Collected data:
=== Begin Enclosure ===

(* Let $\kappa>0$, $u_0>0$, and let $u$ be the solution of $\frac{d}{dr}\big(u'/\sqrt{1+u'^2}\big)=\kappa u$, $u(0)=u_0$, $u'(0)=0$. Let $a>0$ and $0\le\gamma<\pi/2$ be such that $u$ is defined on $[0,a)$ and $\sin\psi(a)=\cos\gamma$, where $\sin\psi=u'/\sqrt{1+u'^2}$ (extended continuously to $r=a$). Then $$u(a)<\frac{\cos\gamma}{\kappa a}-\frac a2\tan\gamma+\frac a{2\cos^2\gamma}\Big(\frac\pi2-\gamma\Big).$$
   Context: $u$ is the profile of a $\kappa$-cylindrical capillary surface $z=u(x)$ between vertical plates $x=\pm a$ with contact angle $\gamma$; $u(a)$ is the outer height. *)

From Stdlib Require Import Reals Lra.
From Coquelicot Require Import Coquelicot.
Open Scope R_scope.

Definition sin_psi (du : R -> R) (r : R) : R := du r / sqrt (1 + du r ^ 2).

From Stdlib Require Import Reals Lra.
From Coquelicot Require Import Coquelicot.
Open Scope R_scope.

(* Since (sin psi)' = kappa u, the quantity cos psi + kappa u^2 / 2 is a first integral,
   so u^2 >= u0^2 and u stays positive.  Hence sin psi is increasing and convex, vanishes
   at 0 and lies strictly below its chord: sin psi(r) < k r with k = cos gamma / a.
   Therefore u'(r) < X(r) := k r / sqrt (1 - k^2 r^2), the slope of a circle of radius 1/k.
   Comparing the moments int_0^a t u'(t) dt = a u(a) - cos gamma / kappa and
   int_0^a t X(t) dt = (pi/2 - gamma - sin gamma cos gamma) / (2 k^2) gives the bound. *)

Lemma at_right_interval (p q : R) (P : R -> Prop) :
  p < q -> (forall x, p < x < q -> P x) -> at_right p P.
Proof.
  intros Hpq HP. assert (Hd : 0 < q - p) by lra.
  exists (mkposreal _ Hd). intros y Hy Hpy. apply HP.
  change (Rabs (y - p) < q - p) in Hy. apply Rabs_def2 in Hy. lra.
Qed.

Lemma at_left_interval (p q : R) (P : R -> Prop) :
  p < q -> (forall x, p < x < q -> P x) -> at_left q P.
Proof.
  intros Hpq HP. assert (Hd : 0 < q - p) by lra.
  exists (mkposreal _ Hd). intros y Hy Hpy. apply HP.
  change (Rabs (y - q) < q - p) in Hy. apply Rabs_def2 in Hy. lra.
Qed.

Lemma filterlim_half_at_right_0 : filterlim (fun r => r / 2) (at_right 0) (at_right 0).
Proof.
  intros P [d Hd]. exists d. intros y Hy Hy0. apply Hd; [|lra].
  change (Rabs (y / 2 - 0) < d). change (Rabs (y - 0) < d) in Hy.
  rewrite Rminus_0_r, Rabs_pos_eq in * by lra. lra.
Qed.

Lemma filterlim_le_const {T} (F : (T -> Prop) -> Prop) {FF : ProperFilter F}
  (f : T -> R) (l c : R) :
  filterlim f F (locally l) -> F (fun x => f x <= c) -> l <= c.
Proof. intros Hf Hc. exact (filterlim_le f (fun _ => c) l c Hc Hf (filterlim_const c)). Qed.

Lemma filterlim_const_le {T} (F : (T -> Prop) -> Prop) {FF : ProperFilter F}
  (f : T -> R) (l c : R) :
  filterlim f F (locally l) -> F (fun x => c <= f x) -> c <= l.
Proof. intros Hf Hc. exact (filterlim_le (fun _ => c) f c l Hc (filterlim_const c) Hf). Qed.

Lemma filterlim_Rplus {T} (F : (T -> Prop) -> Prop) {FF : Filter F} (f g : T -> R) (l m : R) :
  filterlim f F (locally l) -> filterlim g F (locally m) ->
  filterlim (fun x => f x + g x) F (locally (l + m)).
Proof.
  intros Hf Hg.
  exact (filterlim_comp_2 f g Rplus Hf Hg (@filterlim_plus R_AbsRing R_NormedModule l m)).
Qed.

Lemma filterlim_Rmult {T} (F : (T -> Prop) -> Prop) {FF : Filter F} (f g : T -> R) (l m : R) :
  filterlim f F (locally l) -> filterlim g F (locally m) ->
  filterlim (fun x => f x * g x) F (locally (l * m)).
Proof.
  intros Hf Hg. exact (filterlim_comp_2 f g Rmult Hf Hg (@filterlim_mult R_AbsRing l m)).
Qed.

Lemma filterlim_Rabs_comp {T} (F : (T -> Prop) -> Prop) (f : T -> R) (l : R) :
  filterlim f F (locally l) -> filterlim (fun x => Rabs (f x)) F (locally (Rabs l)).
Proof. intros Hf. eapply filterlim_comp; [exact Hf | exact (filterlim_Rabs l)]. Qed.

Lemma filterlim_id_at_right (p : R) : filterlim (fun x => x) (at_right p) (locally p).
Proof. apply (filterlim_filter_le_1 _ (filter_le_within _)), filterlim_id. Qed.

Lemma filterlim_id_at_left (p : R) : filterlim (fun x => x) (at_left p) (locally p).
Proof. apply (filterlim_filter_le_1 _ (filter_le_within _)), filterlim_id. Qed.

Lemma filterlim_comp_ex_derive {T} (F : (T -> Prop) -> Prop) (f : T -> R) (g : R -> R)
  (l : R) :
  filterlim f F (locally l) -> ex_derive g l -> filterlim (fun x => g (f x)) F (locally (g l)).
Proof.
  intros Hf Hg. eapply filterlim_comp; [exact Hf|].
  apply (@ex_derive_continuous R_AbsRing R_NormedModule), Hg.
Qed.

Lemma MVT_open (f df : R -> R) (p q x y : R) :
  p < x -> x <= y -> y < q -> (forall t, p < t < q -> is_derive f t (df t)) ->
  exists c, x <= c <= y /\ f y - f x = df c * (y - x).
Proof.
  intros Hpx Hxy Hyq Hd.
  destruct (MVT_gen f x y df) as [c [Hc Heq]];
    rewrite ?Rmin_left, ?Rmax_right in * by lra.
  - intros t Ht. apply Hd. lra.
  - intros t Ht. apply continuity_pt_filterlim.
    apply (@ex_derive_continuous R_AbsRing R_NormedModule).
    exists (df t). apply Hd. lra.
  - exists c. split; assumption.
Qed.

Lemma derive_pos_lt (f df : R -> R) (p q : R) :
  (forall t, p < t < q -> is_derive f t (df t)) -> (forall t, p < t < q -> 0 < df t) ->
  forall x y, p < x -> x < y -> y < q -> f x < f y.
Proof.
  intros Hd Hpos x y Hpx Hxy Hyq.
  destruct (MVT_open f df p q x y) as [c [Hc Heq]]; try lra; [exact Hd|].
  assert (0 < df c * (y - x)) by (apply Rmult_lt_0_compat; [apply Hpos|]; lra).
  lra.
Qed.

Lemma derive_zero_eq_lim_right (f : R -> R) (p q l : R) :
  (forall t, p < t < q -> is_derive f t 0) -> filterlim f (at_right p) (locally l) ->
  forall x, p < x < q -> f x = l.
Proof.
  intros Hd Hl x Hx.
  apply (filterlim_locally_unique (F := at_right p) f (f x) l); [|exact Hl].
  apply (filterlim_ext_loc (fun _ => f x)); [|apply filterlim_const].
  apply (at_right_interval p x); [lra|]. intros y Hy.
  destruct (MVT_open f (fun _ => 0) p q y x) as [c [_ Hc]]; lra || exact Hd.
Qed.

Lemma strict_decreasing_sub_limits_lt (G Phi : R -> R) (p q l m Phi_p Phi_q : R) :
  p < q ->
  (forall x y, p < x -> x < y -> y < q -> G y - Phi y < G x - Phi x) ->
  (forall x, p < x < q -> Phi_p <= Phi x <= Phi_q) ->
  filterlim G (at_right p) (locally l) -> filterlim G (at_left q) (locally m) ->
  m - Phi_q < l - Phi_p.
Proof.
  intros Hpq Hdec HPhi Hl Hm.
  set (x := (2 * p + q) / 3). set (y := (p + 2 * q) / 3).
  assert (Hx : G x - Phi x + Phi_p <= l).
  { apply (filterlim_const_le (at_right p) G l (G x - Phi x + Phi_p) Hl).
    apply (at_right_interval p x); [unfold x; lra|]. intros z Hz.
    assert (G x - Phi x < G z - Phi z) by (apply Hdec; unfold x in *; lra).
    pose proof (HPhi z ltac:(unfold x in *; lra)). lra. }
  assert (Hy : m <= G y - Phi y + Phi_q).
  { apply (filterlim_le_const (at_left q) G m _ Hm).
    apply (at_left_interval y q); [unfold y; lra|]. intros z Hz.
    assert (G z - Phi z < G y - Phi y) by (apply Hdec; unfold y in *; lra).
    pose proof (HPhi z ltac:(unfold y in *; lra)). lra. }
  assert (G y - Phi y < G x - Phi x) by (apply Hdec; unfold x, y; lra).
  lra.
Qed.

Definition sin_of_slope (y : R) : R := y / sqrt (1 + y ^ 2).
Definition slope_of_sin (x : R) : R := x / sqrt (1 - x ^ 2).

Lemma sqrt_1_plus_sqr_ge1 (y : R) : 1 <= sqrt (1 + y ^ 2).
Proof. rewrite <- sqrt_1 at 1. apply sqrt_le_1_alt. nra. Qed.

Lemma one_minus_sin_of_slope_sqr (y : R) : 1 - sin_of_slope y ^ 2 = / (1 + y ^ 2).
Proof.
  unfold sin_of_slope. pose proof (sqrt_1_plus_sqr_ge1 y).
  assert (Hs : sqrt (1 + y ^ 2) ^ 2 = 1 + y ^ 2) by (apply pow2_sqrt; nra).
  unfold Rdiv. rewrite Rpow_mult_distr, pow_inv, Hs. field. nra.
Qed.
(* Let $\mathfrak{g}$ be a filiform Lie algebra of dimension $n$ over a field $K$ of characteristic zero, with adapted basis $\{e_1,\dots,e_n\}$ and $\mathfrak{g}_i=\langle e_i,\dots,e_n\rangle$. Suppose $[\mathfrak{g}_k,\mathfrak{g}_k]=0$ for some $k\ge2$. Then $\chi(\mathfrak{g})\ge n-2(k-1)$.
   Context: A filiform Lie algebra of dimension $n$ is a nilpotent Lie algebra with $\dim\mathfrak{g}^k=n-k$ for $2\le k\le n$ (lower central series $\mathfrak{g}^1=\mathfrak{g}$, $\mathfrak{g}^{k+1}=[\mathfrak{g},\mathfrak{g}^k]$). An adapted basis is a basis $\{e_1,\dots,e_n\}$ with $[e_1,e_i]=e_{i+1}$ ($2\le i\le n-1$), $[e_1,e_n]=0$, $[e_2,e_3]\in\langle e_5,\dots,e_n\rangle$; such bases exist. For $\ell\in\mathfrak{g}^*$, $\mathfrak{g}(\ell)=\{y\in\mathfrak{g}\mid\ell([x,y])=0\ \forall x\in\mathfrak{g}\}$ and $\chi(\mathfrak{g})=\min_{\ell\in\mathfrak{g}^*}\dim\mathfrak{g}(\ell)$. *)

From HB Require Import structures.
From mathcomp Require Import all_boot all_order all_algebra.
Set Implicit Arguments.
Unset Strict Implicit.
Unset Printing Implicit Defensive.
Import GRing.Theory.
Local Open Scope ring_scope.

Section Lie.
Variables (K : fieldType) (vT : vectType K).

Definition is_lie_bracket (br : vT -> vT -> vT) : Prop :=
  [/\ (forall (a : K) (x y z : vT), br (a *: x + y) z = a *: br x z + br y z),
      (forall (a : K) (x y z : vT), br x (a *: y + z) = a *: br x y + br x z),
      (forall x : vT, br x x = 0) &
      (forall x y z : vT, br x (br y z) + br y (br z x) + br z (br x y) = 0)].

(* [A, B] : the subspace spanned by all brackets [x, y], x in A, y in B
   (by bilinearity it is spanned by the brackets of basis vectors). *)
Definition lie_comm (br : vT -> vT -> vT) (A B : {vspace vT}) : {vspace vT} :=
  (<< [seq br x y | x <- vbasis A, y <- vbasis B] >>)%VS.

Definition lcs (br : vT -> vT -> vT) (k : nat) : {vspace vT} :=
  iter k.-1 (fun A => lie_comm br fullv A) fullv.

Definition filiform (br : vT -> vT -> vT) (n : nat) : Prop :=
  [/\ \dim (fullv : {vspace vT}) = n,
      (exists m, lcs br m = 0%VS) &
      (forall k, (2 <= k <= n)%N -> \dim (lcs br k) = (n - k)%N)].

(* adapted basis e_1, ..., e_n (indexed 1..n) *)
Definition span_from (e : nat -> vT) (n i : nat) : {vspace vT} :=
  (<< [seq e j | j <- iota i (n.+1 - i)] >>)%VS.

Definition adapted_basis (br : vT -> vT -> vT) (n : nat) (e : nat -> vT) : Prop :=
  [/\ basis_of fullv [seq e i | i <- iota 1 n],
      (forall i, (2 <= i <= n.-1)%N -> br (e 1%N) (e i) = e i.+1),
      br (e 1%N) (e n) = 0 &
      br (e 2%N) (e 3%N) \in span_from e n 5].

Definition stabilizer (br : vT -> vT -> vT) (l : 'Hom(vT, K^o)) : {vspace vT} :=
  lker (linfun (fun y : vT => (linfun (fun x : vT => l (br x y)) : 'Hom(vT, K^o)))).

End Lie.

From HB Require Import structures.
From mathcomp Require Import all_boot all_order all_algebra.
From mathcomp Require Import zify.

Set Implicit Arguments.
Unset Strict Implicit.
Unset Printing Implicit Defensive.
Import GRing.Theory.
Local Open Scope ring_scope.

(* The ideal A = g_k is abelian and g = <e_1, ..., e_(k-1)> + A, so
   dim A >= n - (k - 1).  For y in A, l([x, y]) vanishes automatically for
   x in A, hence y lies in g(l) as soon as the k - 1 linear conditions
   l([e_i, y]) = 0, i < k, hold.  These cut A down by at most k - 1
   dimensions, so dim g(l) >= dim A - (k - 1) >= n - 2 (k - 1). *)

Lemma lfunE_linear (K : fieldType) (aT rT : vectType K) (f : aT -> rT) :
  linear f -> linfun f =1 f.
Proof.
move=> fL u.
pose ff : {linear aT -> rT} := HB.pack f (GRing.isLinear.Build K aT rT *:%R f fL).
exact: (lfunE ff u).
Qed.

Lemma span_from_split (K : fieldType) (vT : vectType K) (e : nat -> vT)
    (n i j : nat) :
  (i <= j <= n.+1)%N ->
  span_from e n i = (<<[seq e m | m <- iota i (j - i)]>> + span_from e n j)%VS.
Proof.
move=> /andP[ij jn]; rewrite /span_from.
have -> : (n.+1 - i = (j - i) + (n.+1 - j))%N by lia.
by rewrite iotaD subnKC // map_cat span_cat.
Qed.

Section BilinearBracket.
Variables (K : fieldType) (vT : vectType K) (br : vT -> vT -> vT).
Hypothesis br_linearl :
  forall (a : K) (x y z : vT), br (a *: x + y) z = a *: br x z + br y z.
Hypothesis br_linearr :
  forall (a : K) (x y z : vT), br x (a *: y + z) = a *: br x y + br x z.

Lemma linear_brl (y : vT) : linear (br^~ y).
Proof. by move=> a u v; rewrite br_linearl. Qed.

Lemma linear_brr (x : vT) : linear (br x).
Proof. by move=> a u v; rewrite br_linearr. Qed.

Lemma linear_form_brl (l : 'Hom(vT, K^o)) (y : vT) :
  linear (fun x => l (br x y) : K^o).
Proof. by move=> a u v; rewrite br_linearl linearD linearZ. Qed.

Lemma memv_lie_comm (A B : {vspace vT}) (x y : vT) :
  x \in A -> y \in B -> br x y \in lie_comm br A B.
Proof.
move=> xA yB; set C := lie_comm br A B.
have brr_basis b : b \in vbasis A -> (B <= linfun (br b) @^-1: C)%VS.
  move=> bA; rewrite -(span_basis (vbasisP B)); apply/span_subvP => b' b'B.
  rewrite -memv_preim lfunE_linear; last exact: linear_brr.
  by apply: memv_span; apply: allpairs_f.
have : (A <= linfun (br^~ y) @^-1: C)%VS.
  rewrite -(span_basis (vbasisP A)); apply/span_subvP => b bA.
  rewrite -memv_preim lfunE_linear; last exact: linear_brl.
  have := subvP (brr_basis b bA) y yB.
  by rewrite -memv_preim lfunE_linear //; apply: linear_brr.
by move/subvP/(_ x xA); rewrite -memv_preim lfunE_linear //; apply: linear_brl.
Qed.

Lemma stabilizerP (l : 'Hom(vT, K^o)) (y : vT) :
  reflect (forall x, l (br x y) = 0) (y \in stabilizer br l).
Proof.
have linear_brr_form : linear (fun y => linfun (fun x => l (br x y) : K^o)).
  move=> a u v; apply/lfunP => x.
  rewrite add_lfunE scale_lfunE !lfunE_linear ?br_linearr ?linearD ?linearZ //;
    exact: linear_form_brl.
rewrite /stabilizer memv_ker lfunE_linear //.
apply: (iffP eqP) => [y0 x | y0].
  by rewrite -(lfunE_linear (linear_form_brl l y)) y0 zero_lfunE.
by apply/lfunP => x; rewrite zero_lfunE lfunE_linear ?y0 //; apply: linear_form_brl.
Qed.

(* The kernel of y |-> (l([s, y]))_(s in S) on A lies in g(l). *)
Lemma dim_stabilizer_ge (l : 'Hom(vT, K^o)) (S : seq vT) (A : {vspace vT}) :
  (<<S>> + A = fullv)%VS ->
  {in A &, forall x y, l (br x y) = 0} ->
  (\dim A - size S <= \dim (stabilizer br l))%N.
Proof.
move=> gSA A_isotropic.
pose g y : 'rV[K]_(size S) := \row_(i < size S) l (br S`_i y).
have g_linear : linear g.
  by move=> a u v; apply/rowP => i; rewrite !mxE br_linearr linearD linearZ.
pose G := linfun g.
have ker_sub : (A :&: lker G <= stabilizer br l)%VS.
  apply/subvP => y /memv_capP[yA]; rewrite memv_ker lfunE_linear // => /eqP gy0.
  apply/stabilizerP => x.
  have lbr_linear := linear_form_brl l y.
  suff : x \in lker (linfun (fun x => l (br x y) : K^o)).
    by rewrite memv_ker lfunE_linear // => /eqP.
  apply: subvP (memvf x); rewrite -gSA subv_add; apply/andP; split.
    apply/span_subvP => s sS; rewrite memv_ker lfunE_linear //.
    have s_idx : (index s S < size S)%N by rewrite index_mem.
    move/rowP/(_ (Ordinal s_idx)): gy0.
    by rewrite !mxE /= nth_index // => ->.
  by apply/subvP => x' x'A; rewrite memv_ker lfunE_linear // A_isotropic.
have dim_img : (\dim (G @: A) <= size S)%N.
  by rewrite (leq_trans (dimvS (subvf _))) // dimvf /dim /= mul1n.
have := limg_ker_dim G A; have := dimvS ker_sub; lia.
Qed.

End BilinearBracket.

Theorem theorem6p4 (K : fieldType) (vT : vectType K) (br : vT -> vT -> vT)
  (n : nat) (e : nat -> vT) (k : nat) :
  [pchar K] =i pred0 ->
  is_lie_bracket br ->
  filiform br n ->
  adapted_basis br n e ->
  (2 <= k)%N ->
  lie_comm br (span_from e n k) (span_from e n k) = 0%VS ->
  forall l : 'Hom(vT, K^o), (n - 2 * (k - 1) <= \dim (stabilizer br l))%N.
Proof.
move=> _ [brl brr _ _] [dim_g _ _] [basis_e _ _ _] k_ge2 abelian l.
have [k_le|k_gt] := leqP k n.+1; last by have -> : (n - 2 * (k - 1) = 0)%N by lia.
set A := span_from e n k; set S := [seq e m | m <- iota 1 (k - 1)].
have gSA : (<<S>> + A = fullv)%VS.
  have /andP[/eqP span_e _] := basis_e.
  have <- : span_from e n 1 = fullv by rewrite /span_from subn1 span_e.
  by rewrite (span_from_split e (i := 1) (j := k)) // k_le (ltnW k_ge2).
have dim_A : (n <= (k - 1) + \dim A)%N.
  rewrite -dim_g -gSA (leq_trans (dimv_add_leqif _ _)) // leq_add2r.
  by rewrite (leq_trans (dim_span _)) // size_map size_iota.
have A_isotropic : {in A &, forall x y, l (br x y) = 0}.
  move=> x y xA yA; have := memv_lie_comm brl brr xA yA.
  by rewrite abelian memv0 => /eqP ->; rewrite linear0.
have := dim_stabilizer_ge brl brr gSA A_isotropic.
rewrite size_map size_iota => dim_stab; apply: leq_trans dim_stab.
by rewrite mul2n -addnn subnDA leq_sub2r // leq_subLR.
Qed.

=== End Enclosure ===

◆ About this exercise: Only the lines above, from the first through the one holding "Comparing the moments", are to be output, and they must be copied exactly.

◆ Expected answer:
(* Let $\kappa>0$, $u_0>0$, and let $u$ be the solution of $\frac{d}{dr}\big(u'/\sqrt{1+u'^2}\big)=\kappa u$, $u(0)=u_0$, $u'(0)=0$. Let $a>0$ and $0\le\gamma<\pi/2$ be such that $u$ is defined on $[0,a)$ and $\sin\psi(a)=\cos\gamma$, where $\sin\psi=u'/\sqrt{1+u'^2}$ (extended continuously to $r=a$). Then $$u(a)<\frac{\cos\gamma}{\kappa a}-\frac a2\tan\gamma+\frac a{2\cos^2\gamma}\Big(\frac\pi2-\gamma\Big).$$
   Context: $u$ is the profile of a $\kappa$-cylindrical capillary surface $z=u(x)$ between vertical plates $x=\pm a$ with contact angle $\gamma$; $u(a)$ is the outer height. *)

From Stdlib Require Import Reals Lra.
From Coquelicot Require Import Coquelicot.
Open Scope R_scope.

Definition sin_psi (du : R -> R) (r : R) : R := du r / sqrt (1 + du r ^ 2).

From Stdlib Require Import Reals Lra.
From Coquelicot Require Import Coquelicot.
Open Scope R_scope.

(* Since (sin psi)' = kappa u, the quantity cos psi + kappa u^2 / 2 is a first integral,
   so u^2 >= u0^2 and u stays positive.  Hence sin psi is increasing and convex, vanishes
   at 0 and lies strictly below its chord: sin psi(r) < k r with k = cos gamma / a.
   Therefore u'(r) < X(r) := k r / sqrt (1 - k^2 r^2), the slope of a circle of radius 1/k.
   Comparing the moments int_0^a t u'(t) dt = a u(a) - cos gamma / kappa and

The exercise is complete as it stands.